Os visitantes e os doentes percebem na pele
os procedimentos do trabalho, enquanto os profissionais, já
imunizados à maioria das circunstâncias adversas e corriqueiras,
procuram fazer seu trabalho alheios a estas manifestações, desta
novela final que é um indivíduo no seu extremo mais íntimo.
Não há intimidade, mas. Paradoxalmente, quando o homem se encosta
ali, para ficar ali, na antessala do seu lote final, quando aquilo
que é e foi se dilui e se transforma, subitamente na consciência,
no que está a ponto de se tornar ou poder ser, é quando menos tem a
possibilidade de manter-se firme na sua intimidade, ou seja a sua
capacidade de se expressar dentro do âmbito pessoal da existência,
num cenário que não permite dispor da própria liberdade para se
tornar mera ferramenta de um sistema superior, que o cataloga e o
enclausura. '' - qual é seu problema sr. Cidão?

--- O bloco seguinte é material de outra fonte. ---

Lemma Rpower_exp_bound (c : R) : exists M, 0 < M /\ forall t, 1 <= t ->
  Rpower t c * exp (- t) <= M * exp (- t / 2).
Proof.
  set (d := Rabs c + 1).
  assert (Hd : 0 < d) by (unfold d; pose proof (Rabs_pos c); lra).
  assert (Hcd : c < d) by (unfold d; pose proof (Rle_abs c); lra).
  exists (exp (d * ln (2 * d) - d)). split; [apply exp_pos|].
  intros t Ht. unfold Rpower. rewrite <- !exp_plus. apply exp_le.
  assert (Hl : 0 <= ln t) by (rewrite <- ln_1; apply ln_le; lra).
  assert (H1 : 1 + ln (t / (2 * d)) <= t / (2 * d)).
  { rewrite <- (exp_ln (t / (2 * d))) at 2 by (apply Rdiv_lt_0_compat; lra).
    apply exp_ineq1_le. }
  rewrite ln_div in H1 by lra.
  assert (H2 : d * (1 + (ln t - ln (2 * d))) <= d * (t / (2 * d)))
    by (apply Rmult_le_compat_l; lra).
  replace (d * (t / (2 * d))) with (t / 2) in H2 by (field; lra).
  assert (H3 : c * ln t <= d * ln t) by (apply Rmult_le_compat_r; lra).
  lra.
Qed.

Lemma Rpower_exp_lim_pinfty (x : R) :
  filterlim (fun t => Rpower t x * exp (- t)) (Rbar_locally p_infty) (locally 0).
Proof.
  destruct (Rpower_exp_bound x) as [M [HM Hbound]].
  apply filterlim_locally. intros eps.
  assert (He : 0 < eps / M) by (apply Rdiv_lt_0_compat; [destruct eps|]; auto).
  exists (Rmax 1 (- 2 * ln (eps / M))). intros t Ht.
  pose proof (Rmax_l 1 (- 2 * ln (eps / M))). pose proof (Rmax_r 1 (- 2 * ln (eps / M))).
  change (Rabs (Rpower t x * exp (- t) - 0) < eps). rewrite Rminus_0_r.
  assert (H1 : Rpower t x * exp (- t) <= M * exp (- t / 2)) by (apply Hbound; lra).
  assert (H2 : exp (- t / 2) < eps / M).
  { rewrite <- (exp_ln (eps / M)) by exact He. apply exp_increasing. lra. }
  pose proof (Rpower_pos t x). pose proof (exp_pos (- t)).
  rewrite Rabs_right by nra.
  assert (M * exp (- t / 2) < M * (eps / M)) by (apply Rmult_lt_compat_l; auto).
  replace (M * (eps / M)) with (pos eps) in * by (field; lra). lra.
Qed.

Lemma Rpower_exp_lim_at_right0 (x : R) : 0 < x ->
  filterlim (fun t => Rpower t x * exp (- t)) (at_right 0) (locally 0).
Proof.
  intros Hx. apply filterlim_locally. intros eps.
  exists (mkposreal _ (Rpower_pos eps (/ x))). intros t Ht Htpos.
  change (Rabs (t - 0) < Rpower eps (/ x)) in Ht.
  rewrite Rminus_0_r, Rabs_right in Ht by lra.
  change (Rabs (Rpower t x * exp (- t) - 0) < eps). rewrite Rminus_0_r.
  assert (H1 : Rpower t x < eps).
  { replace (pos eps) with (Rpower (Rpower eps (/ x)) x).
    - apply Rlt_Rpower_l; lra.
    - rewrite Rpower_mult, Rinv_l by lra. apply Rpower_1. destruct eps; auto. }
  assert (H2 : exp (- t) <= 1) by (rewrite <- exp_0; apply exp_le; lra).
  pose proof (Rpower_pos t x). pose proof (exp_pos (- t)).
  rewrite Rabs_right by nra. nra.
Qed.

Section GammaIntegral.

Variable x : R.

Let g (t : R) : R := Rpower t (x - 1) * exp (- t).

Lemma gamma_integrand_pos (t : R) : 0 < g t.
Proof. apply Rmult_lt_0_compat; [apply Rpower_pos|apply exp_pos]. Qed.

Lemma is_derive_Rpower_exp (t : R) : 0 < t ->
  is_derive (fun t => Rpower t x * exp (- t)) t (x * g t - Rpower t x * exp (- t)).
Proof.
  intros Ht. unfold g.
  replace (x * (Rpower t (x - 1) * exp (- t)) - Rpower t x * exp (- t))
    with (x * Rpower t (x - 1) * exp (- t) + Rpower t x * (- exp (- t))) by ring.
  apply (is_derive_mult (fun t => Rpower t x) (fun t => exp (- t))).
  - now apply is_derive_Rpower.
  - auto_derive; [exact I|ring].
  - intros; apply Rmult_comm.
Qed.

Lemma gamma_integrand_continuous (t : R) : 0 < t -> continuous g t.
Proof.
  intros Ht. apply (ex_derive_continuous (K := R_AbsRing) (V := R_NormedModule)).
  apply ex_derive_mult; [eexists; now apply is_derive_Rpower|auto_derive; exact I].
Qed.

Lemma ex_RInt_gamma_integrand (a b : R) : 0 < a -> 0 < b -> ex_RInt g a b.
Proof.
  intros Ha Hb. apply (ex_RInt_continuous (V := R_CompleteNormedModule)).
  intros z Hz. apply gamma_integrand_continuous.
  assert (0 < Rmin a b) by (apply Rmin_glb_lt; auto). lra.
Qed.

Let G (u : R) : R := RInt g 1 u.

Lemma is_derive_partial_Gamma (u : R) : 0 < u -> is_derive G u (g u).
Proof.
  intros Hu. apply (is_derive_RInt (V := R_CompleteNormedModule) _ _ 1);
    [|now apply gamma_integrand_continuous].
  apply (filter_imp (fun u => 0 < u)); [|now apply locally_pos].
  intros b Hb. apply (RInt_correct (V := R_CompleteNormedModule)), ex_RInt_gamma_integrand; lra.
Qed.

Lemma partial_Gamma_le (a b : R) : 0 < a <= b -> G a <= G b.
Proof.
  intros Hab. unfold G.
  rewrite <- (RInt_Chasles (V := R_CompleteNormedModule) g 1 a b)
    by (apply ex_RInt_gamma_integrand; lra).
  assert (0 <= RInt g a b).
  { apply RInt_ge_0; [lra|apply ex_RInt_gamma_integrand; lra|].
    intros; left; apply gamma_integrand_pos. }
  simpl. unfold plus; simpl. lra.
Qed.

Lemma partial_Gamma_upper : exists B, forall u, 1 <= u -> G u <= B.
Proof.
  destruct (Rpower_exp_bound (x - 1)) as [M [HM Hbound]].
  exists (2 * M * exp (- 1 / 2)). intros u Hu.
  assert (HI : is_RInt (fun t => M * exp (- t / 2)) 1 u
                 (minus (-2 * M * exp (- u / 2)) (-2 * M * exp (- 1 / 2)))).
  { apply (is_RInt_derive (V := R_CompleteNormedModule) (fun t => -2 * M * exp (- t / 2))).
    - intros t _. auto_derive; [exact I|]. unfold Rdiv; field.
    - intros t _. apply (ex_derive_continuous (K := R_AbsRing) (V := R_NormedModule)).
      auto_derive. exact I. }
  unfold G. apply Rle_trans with (RInt (fun t => M * exp (- t / 2)) 1 u).
  - apply RInt_le; [exact Hu|apply ex_RInt_gamma_integrand; lra|eexists; exact HI|].
    intros t Ht. apply Hbound. lra.
  - rewrite (is_RInt_unique _ _ _ _ HI). unfold minus, plus, opp; simpl.
    pose proof (exp_pos (- u / 2)). nra.
Qed.

Hypothesis x_pos : 0 < x.

(* On [(0, 1]] the integrand is at most [t^(x-1)], whose integral is [1/x]. *)
Lemma partial_Gamma_lower (u : R) : 0 < u <= 1 -> - / x <= G u.
Proof.
  intros Hu.
  assert (Hmin : forall t, Rmin u 1 <= t -> 0 < t).
  { intros t Ht. assert (0 < Rmin u 1) by (apply Rmin_glb_lt; lra). lra. }
  assert (HI : is_RInt (fun t => Rpower t (x - 1)) u 1
                 (minus (/ x * Rpower 1 x) (/ x * Rpower u x))).
  { apply (is_RInt_derive (V := R_CompleteNormedModule) (fun t => / x * Rpower t x)).
    - intros t [Ht _]. replace (Rpower t (x - 1)) with (/ x * (x * Rpower t (x - 1)))
        by (field; lra).
      apply is_derive_scal, is_derive_Rpower, Hmin, Ht.
    - intros t [Ht _]. apply continuous_Rpower, Hmin, Ht. }
  unfold G. rewrite <- (opp_RInt_swap (V := R_CompleteNormedModule))
    by (apply ex_RInt_gamma_integrand; lra).
  assert (Hle : RInt g u 1 <= RInt (fun t => Rpower t (x - 1)) u 1).
  { apply RInt_le; [lra|apply ex_RInt_gamma_integrand; lra|eexists; exact HI|].
    intros t Ht. unfold g. rewrite <- (Rmult_1_r (Rpower t (x - 1))) at 2.
    apply Rmult_le_compat_l; [left; apply Rpower_pos|].
    rewrite <- exp_0. apply exp_le. lra. }
  rewrite (is_RInt_unique _ _ _ _ HI) in Hle. unfold minus, plus, opp in *; simpl in *.
  replace (Rpower 1 x) with 1 in Hle by (unfold Rpower; rewrite ln_1, Rmult_0_r, exp_0; reflexivity).
  pose proof (Rpower_pos u x). assert (0 < / x) by (apply Rinv_0_lt_compat; lra). nra.
Qed.

Lemma partial_Gamma_lims : exists L0 Linf,
  filterlim G (at_right 0) (locally L0) /\ filterlim G (Rbar_locally p_infty) (locally Linf) /\
  Gamma x = Linf - L0 /\ L0 < Linf.
Proof.
  destruct partial_Gamma_upper as [B HB].
  destruct (nondecreasing_lim_pinfty G 1 B) as [Linf [HLinf HGLinf]]; [|exact HB|].
  { intros a b Hab. apply partial_Gamma_le; lra. }
  destruct (nondecreasing_lim_at_right0 G (- / x)) as [L0 [HL0 HGL0]];
    [|exact partial_Gamma_lower|].
  { intros a b Hab _. apply partial_Gamma_le; lra. }
  exists L0, Linf. do 2 (split; [assumption|]). split.
  - unfold Gamma. apply (is_RInt_gen_unique (V := R_CompleteNormedModule)).
    apply (is_RInt_gen_antiderivative G); [exact is_derive_partial_Gamma| |exact HL0|exact HLinf].
    exact gamma_integrand_continuous.
  - assert (HG1 : G 1 = 0) by exact (RInt_point (V := R_CompleteNormedModule) 1 g).
    assert (HG2 : 0 < G 2).
    { apply RInt_gt_0; [lra|intros; apply gamma_integrand_pos|].
      intros t Ht. apply gamma_integrand_continuous. lra. }
    specialize (HGL0 1). specialize (HGLinf 2). lra.
Qed.

Lemma is_RInt_gen_Gamma : is_RInt_gen g (at_right 0) (Rbar_locally p_infty) (Gamma x).
Proof.
  destruct partial_Gamma_lims as [L0 [Linf [HL0 [HLinf [-> _]]]]].
  apply (is_RInt_gen_antiderivative G); [exact is_derive_partial_Gamma| |exact HL0|exact HLinf].
  exact gamma_integrand_continuous.
Qed.

Lemma Gamma_pos : 0 < Gamma x.
Proof. destruct partial_Gamma_lims as [L0 [Linf [_ [_ [-> HL]]]]]. lra. Qed.

Lemma filterlim_scal_at_right0 (s : R) : 0 < s ->
  filterlim (fun t => s * t) (at_right 0) (at_right 0).
Proof.
  intros Hs P [eps HP].
  exists (mkposreal _ (Rdiv_lt_0_compat _ _ (cond_pos eps) Hs)). intros t Ht Htpos.
  change (Rabs (t - 0) < eps / s) in Ht. rewrite Rminus_0_r, Rabs_right in Ht by lra.
  apply HP; [|nra]. change (Rabs (s * t - 0) < eps).
  rewrite Rminus_0_r, Rabs_right by nra.
  apply Rmult_lt_compat_l with (r := s) in Ht; [|exact Hs].
  replace (s * (eps / s)) with (pos eps) in Ht by (field; lra). exact Ht.
Qed.

Lemma filterlim_scal_pinfty (s : R) : 0 < s ->
  filterlim (fun t => s * t) (Rbar_locally p_infty) (Rbar_locally p_infty).
Proof.
  intros Hs P [M HM]. exists (M / s). intros t Ht. apply HM.
  apply Rmult_lt_compat_l with (r := s) in Ht; [|exact Hs].
  replace (s * (M / s)) with M in Ht by (field; lra). exact Ht.
Qed.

'' ''não dá para cochichar?”
''não'!' ''me doí o cu”.
Quando
os ilustrados procuravam, faz trezentos anos, os mecanismos que
poderiam organizar as multidões, o faziam porque cada sujeito fosse
capaz de se desenvolver na sua particularidade, procuravam também
uma via de liberdade. Mas a aplicação das teorias racionalizadoras
deu na escravização do ser, sob umas normas gerais que pouco a
pouco se confundem com sua razão primeira. Os hospitais públicos
com seus horários impossíveis, a aglomeração de carne nos seus
quartos, nem tão brancos nem tão azuis, a exploração dos trabalhadores, o esquecimento da
essência humana, a novelesca indiscrição, traz de volta o latim à
missa, um passo atrás nas conjeturas mais humanas.
Tirar
de alguém seu direito a solidão é causar uma dor ignota à dor
física concreta. Porque sem liberdade, não nos sentimos dignos de
nada, nem tão só de nós mesmos.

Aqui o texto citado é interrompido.